(* Let $q$ be a prime power, $m\ge 1$, and let $1\le k\le n-1$ be integers. Let $\bar{\mathbb{F}}_{q^m}$ denote the algebraic closure of $\mathbb{F}_{q^m}$. Then the set $$S_{\mathrm{MRD}} := \{X \in \bar{\mathbb{F}}_{q^m}^{k\times (n-k)} \mid \det([\,I_k \mid X\,]\, A)\neq 0 \text{ for all } A \in \mathbb{F}_q^{n\times k} \text{ of rank } k\}$$ is a generic subset of $\bar{\mathbb{F}}_{q^m}^{k\times (n-k)}$.
   Context: We identify $\bar{\mathbb{F}}_{q^m}^{k\times(n-k)}$ with $\bar{\mathbb{F}}_{q}^{r}$, $r=k(n-k)$, by treating the entries of $X$ as coordinates $x_1,\dots,x_r$. The Zariski topology on $\bar{\mathbb{F}}_q^r$ is the topology whose closed sets are the algebraic sets $V(S)=\{\boldsymbol x\in\bar{\mathbb{F}}_q^r \mid f(\boldsymbol x)=0 \ \forall f\in S\}$ for subsets $S\subseteq \mathbb{F}_q[x_1,\dots,x_r]$; Zariski-open sets are their complements. A subset of $\bar{\mathbb{F}}_q^r$ is called generic if it contains a non-empty Zariski-open set. $I_k$ is the $k\times k$ identity matrix. *)

From HB Require Import structures.
From mathcomp Require Import all_boot all_order all_algebra all_field.
From mathcomp Require Import mpoly.
Set Implicit Arguments. Unset Strict Implicit. Unset Printing Implicit Defensive.
Import GRing.Theory.
Local Open Scope ring_scope.

Definition peval (F K : fieldType) (phi : {rmorphism F -> K}) (r : nat)
  (p : {mpoly F[r]}) (x : 'I_r -> K) : K := (map_mpoly phi p).@[x].

Definition zariski_V (F K : fieldType) (phi : {rmorphism F -> K}) (r : nat)
  (S : {mpoly F[r]} -> Prop) : ('I_r -> K) -> Prop :=
  fun x => forall p, S p -> peval phi p x = 0.

Definition zariski_open (F K : fieldType) (phi : {rmorphism F -> K}) (r : nat)
  (U : ('I_r -> K) -> Prop) : Prop :=
  exists S : {mpoly F[r]} -> Prop, forall x, U x <-> ~ zariski_V phi S x.

Definition generic (F K : fieldType) (phi : {rmorphism F -> K}) (r : nat)
  (T : ('I_r -> K) -> Prop) : Prop :=
  exists U, zariski_open phi U /\ (exists x, U x) /\ (forall x, U x -> T x).

(* Identification of K^{k x (n-k)} with K^r, r = k(n-k): entries as coordinates. *)
Definition coords_to_mx (K : Type) (k l : nat) (x : 'I_(k * l) -> K) : 'M[K]_(k, l) :=
  vec_mx (\row_i x i).

(* S_MRD: matrices X with det([I_k | X] A) <> 0 for all A in F_q^{n x k} of rank k.
   Here n = k + l (l = n - k), and A is mapped into K entrywise by phi. *)
Definition S_MRD (F K : fieldType) (phi : {rmorphism F -> K}) (k l : nat)
  (X : 'M[K]_(k, l)) : Prop :=
  forall A : 'M[F]_(k + l, k), \rank A = k ->
    \det (row_mx 1%:M X *m map_mx phi A) != 0.

Definition algebraic_over (L K : fieldType) (g : {rmorphism L -> K}) : Prop :=
  forall x : K, exists2 p : {poly L}, p != 0 & root (map_poly g p) x.

From HB Require Import structures.
From mathcomp Require Import all_boot all_order all_algebra all_field.
From mathcomp Require Import mpoly.
Import GRing.Theory.
Local Open Scope ring_scope.
Set Implicit Arguments. Unset Strict Implicit. Unset Printing Implicit Defensive.

(* For a fixed full-rank A over F_q, det([I_k | X] A) is a polynomial in the
   entries of X with coefficients in F_q; it is not identically zero, since a
   left inverse S = [S1 S2] of A (S1 T + S2 B = 1, with T, B the top and bottom
   blocks of A) gives, for X = (1 + t S1)^-1 t S2, the identity
   (1 + t S1)(T + X B) = T + t, nonsingular for all but finitely many t.
   There are only finitely many such A, so the product of these determinants is
   a nonzero polynomial over F_q, and S_MRD contains the Zariski-open set where
   it does not vanish; that set is nonempty because K is algebraically closed. *)

Local Notation widen := (widen_ord (leqnSn _)).

Lemma lift_max_widen n (i : 'I_n) : lift ord_max i = widen i.
Proof. exact/val_inj/lift_max. Qed.

Lemma meval_muni (R : comNzRingType) n (p : {mpoly R[n.+1]}) (v : 'I_n.+1 -> R) :
  p.@[v] = (map_poly (meval (v \o widen)) (muni p)).[v ord_max].
Proof.
rewrite mevalE muniE raddf_sum horner_sum; apply: eq_bigr => m _ /=.
rewrite map_polyZ map_polyXn hornerZ hornerXn /= mevalZ mevalX big_ord_recr /=.
by rewrite mulrA; congr (_ * _ * _); apply: eq_bigr => i _; rewrite mnmE.
Qed.

Lemma muni_eq0 (R : nzRingType) n (p : {mpoly R[n.+1]}) : (muni p == 0) = (p == 0).
Proof.
apply/eqP/eqP => [p0|->]; last exact: raddf0.
apply/mpolyP => m; rewrite mcoeff0.
have eq_mnm_split m0 : (m0 == m) = (m0 ord_max == m ord_max) &&
    ([multinom m0 (widen i) | i < n] == [multinom m (widen i) | i < n]).
  apply/eqP/andP => [-> //|[/eqP eq_max /eqP/mnmP eq_widen]].
  apply/mnmP => i; case: (unliftP ord_max i) => [j ->|-> //].
  by have := eq_widen j; rewrite !mnmE lift_max_widen.
have <- : ((muni p)`_(m ord_max))@_[multinom m (widen i) | i < n] = 0.
  by rewrite p0 coef0 mcoeff0.
rewrite muniE coef_sum raddf_sum /= {1}(mpolyE p) raddf_sum /=.
apply: eq_bigr => m0 _; rewrite coefZ coefXn mcoeffZ mcoeffX eq_mnm_split [m ord_max == _]eq_sym.
case: (m0 ord_max =P m ord_max) => _ /=; rewrite ?mulr1 ?mulr0 ?mcoeffZ ?mcoeffX ?mcoeff0 //.
Qed.

Lemma mpoly_nonvanishing (K : closedFieldType) n (p : {mpoly K[n]}) :
  p != 0 -> exists v, p.@[v] != 0.
Proof.
elim: n p => [|n IHn] p p_neq0.
  have pC : p = (p@_0%MM)%:MP.
    by apply/mpolyP => m; rewrite mcoeffC (_ : m = 0%MM) ?eqxx ?mulr1 //; apply/mnmP => -[].
  by exists (fun=> 0); rewrite pC mevalC -(mpolyC_eq0 0) -pC.
have [w w_lc] : exists w, (lead_coef (muni p)).@[w] != 0.
  by apply: IHn; rewrite lead_coef_eq0 muni_eq0.
pose P := map_poly (meval w) (muni p).
have P_neq0 : P != 0 by rewrite map_poly_eq0_id0 // muni_eq0.
have [t Pt] := closed_nonrootP P P_neq0.
exists (fun i => if unlift ord_max i is Some j then w j else t).
rewrite meval_muni unlift_none /P; congr (~~ root _ _): Pt.
apply: eq_map_poly => c; apply: meval_eq => i /=.
by rewrite -lift_max_widen liftK.
Qed.

Lemma horner_det_pencil (R : comNzRingType) k (M0 M1 : 'M[R]_k) (t : R) :
  (\det (map_mx polyC M0 + 'X *: map_mx polyC M1)).[t] = \det (M0 + t *: M1).
Proof.
rewrite -[LHS]/(horner_eval t _) -det_map_mx; congr (\det _).
by apply/matrixP => i j; rewrite !mxE rmorphD rmorphM /= !horner_evalE hornerX !hornerC.
Qed.

Lemma row_full_exists_det_neq0 (K : closedFieldType) k l (A : 'M[K]_(k + l, k)) :
  row_full A -> exists X : 'M_(k, l), \det (row_mx 1%:M X *m A) != 0.
Proof.
move=> /row_fullP[S SA1].
set T := usubmx A; set B := dsubmx A; set S1 := lsubmx S; set S2 := rsubmx S.
have S_TB : S1 *m T + S2 *m B = 1%:M by rewrite -mul_row_col hsubmxK vsubmxK.
pose p1 := \det (map_mx polyC 1%:M + 'X *: map_mx polyC S1).
pose p2 := \det (map_mx polyC T + 'X *: map_mx polyC 1%:M).
have p1_neq0 : p1 != 0.
  apply/eqP => p1_0; have := horner_det_pencil 1%:M S1 0.
  by rewrite -/p1 p1_0 horner0 scale0r addr0 det1 => /eqP; rewrite eq_sym oner_eq0.
have p2_neq0 : p2 != 0.
  have -> : p2 = char_poly (- T).
    by rewrite /p2 /char_poly /char_poly_mx map_mx1 scalemx1 map_mxN opprK addrC.
  exact: monic_neq0 (char_poly_monic _).
have [t] := closed_nonrootP _ (mulf_neq0 p1_neq0 p2_neq0).
rewrite /root hornerM mulf_eq0 negb_or !horner_det_pencil => /andP[G1_det T_det].
have G1_unit : 1%:M + t *: S1 \in unitmx by rewrite unitmxE unitfE.
exists (invmx (1%:M + t *: S1) *m (t *: S2)).
rewrite -[A]vsubmxK mul_row_col mul1mx -/T -/B.
have G1_mul : (1%:M + t *: S1) *m (T + invmx (1%:M + t *: S1) *m (t *: S2) *m B) = T + t *: 1%:M.
  rewrite mulmxDr !mulmxA mulmxV // mul1mx mulmxDl mul1mx -!scalemxAl -addrA -scalerDr.
  by rewrite S_TB.
by apply: contra T_det => /eqP det0; rewrite -G1_mul det_mulmx det0 mulr0.
Qed.

Section ZariskiGeneric.
Variables (F K : fieldType) (phi : {rmorphism F -> K}).

Lemma zariski_open_nonvanishing r (p : {mpoly F[r]}) :
  zariski_open phi (fun x => peval phi p x != 0).
Proof.
exists (eq^~ p) => x; split => [/eqP px /(_ p erefl) //|px].
by apply/eqP => p0; apply: px => _ ->.
Qed.

Lemma generic_nonvanishing r (p : {mpoly F[r]}) (T : ('I_r -> K) -> Prop) :
  (exists x, peval phi p x != 0) -> (forall x, peval phi p x != 0 -> T x) ->
  generic phi T.
Proof.
move=> p_nonvanishing p_T; exists (fun x => peval phi p x != 0).
by split; last split; [exact: zariski_open_nonvanishing|exact: p_nonvanishing|exact: p_T].
Qed.

End ZariskiGeneric.

Lemma coords_to_mx_mxvec (R : Type) k l (X : 'M[R]_(k, l)) :
  coords_to_mx (fun i => mxvec X 0 i) = X.
Proof. by rewrite /coords_to_mx -[RHS]mxvecK; congr vec_mx; apply/rowP => i; rewrite mxE. Qed.

Section MRDPolynomial.
Variables (F : finFieldType) (k l : nat).

Definition generic_mx : 'M[{mpoly F[k * l]}]_(k, l) := vec_mx (\row_i 'X_i).

Definition mrd_det (A : 'M[F]_(k + l, k)) : {mpoly F[k * l]} :=
  \det (row_mx 1%:M generic_mx *m map_mx (@mpolyC _ F) A).

Definition mrd_poly : {mpoly F[k * l]} :=
  \prod_(A : 'M[F]_(k + l, k) | \rank A == k) mrd_det A.

Variables (K : fieldType) (phi : {rmorphism F -> K}).

Lemma peval_mrd_det x A :
  peval phi (mrd_det A) x = \det (row_mx 1%:M (coords_to_mx x) *m map_mx phi A).
Proof.
pose ev : {rmorphism {mpoly F[k * l]} -> K} := meval x \o map_mpoly phi.
rewrite -[LHS]/(ev (mrd_det A)) -det_map_mx map_mxM map_row_mx map_mx1 -map_mx_comp.
congr (\det (row_mx _ _ *m _)).
  rewrite map_vec_mx; congr vec_mx.
  by apply/rowP => i; rewrite !mxE /ev /= map_mpolyX mevalXU.
by apply: eq_map_mx => c; rewrite /ev /= map_mpolyC mevalC.
Qed.

Lemma peval_mrd_poly x :
  peval phi mrd_poly x =
  \prod_(A : 'M[F]_(k + l, k) | \rank A == k)
     \det (row_mx 1%:M (coords_to_mx x) *m map_mx phi A).
Proof.
pose ev : {rmorphism {mpoly F[k * l]} -> K} := meval x \o map_mpoly phi.
by rewrite -[LHS]/(ev mrd_poly) rmorph_prod; apply: eq_bigr => A _; apply: peval_mrd_det.
Qed.

End MRDPolynomial.

Lemma mrd_poly_nonvanishing (F : finFieldType) (K : closedFieldType)
    (phi : {rmorphism F -> K}) k l :
  exists x, peval phi (mrd_poly F k l) x != 0.
Proof.
apply: mpoly_nonvanishing; rewrite rmorph_prod; apply/prodf_neq0 => A /eqP rankA.
have [X detX] : exists X : 'M_(k, l), \det (row_mx 1%:M X *m map_mx phi A) != 0.
  by apply: row_full_exists_det_neq0; rewrite /row_full mxrank_map rankA.
apply: contraNneq detX => mrd_det0.
by rewrite -[X]coords_to_mx_mxvec -peval_mrd_det /peval mrd_det0 meval0.
Qed.

Lemma S_MRD_generic (F : finFieldType) (K : closedFieldType) (phi : {rmorphism F -> K}) k l :
  generic phi (fun x : 'I_(k * l) -> K => S_MRD phi (coords_to_mx x)).
Proof.
apply: (generic_nonvanishing (mrd_poly_nonvanishing phi k l)) => x.
by rewrite peval_mrd_poly => /prodf_neq0 dets_neq0 A /eqP; apply: dets_neq0.
Qed.

Theorem theorem3p1
  (q m n k : nat) (Fq Fqm : finFieldType) (K : closedFieldType)
  (f : {rmorphism Fq -> Fqm}) (g : {rmorphism Fqm -> K})
  (hq : exists p e, prime p /\ q = (p ^ e.+1)%N)
  (hFq : #|Fq| = q) (hm : (1 <= m)%N) (hFqm : #|Fqm| = (q ^ m)%N)
  (hK : algebraic_over g)
  (hk : (1 <= k)%N) (hkn : (k <= n - 1)%N) :
  generic (g \o f : {rmorphism Fq -> K})
    (fun x : 'I_(k * (n - k)) -> K =>
       S_MRD (g \o f : {rmorphism Fq -> K}) (coords_to_mx x)).
Proof.
exact: S_MRD_generic.
Qed.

ACTIVITY: Provide nothing but the number of lines in the material above in which the string "comNzRingType" is found.

SOLUTION FOR THIS TASK: 2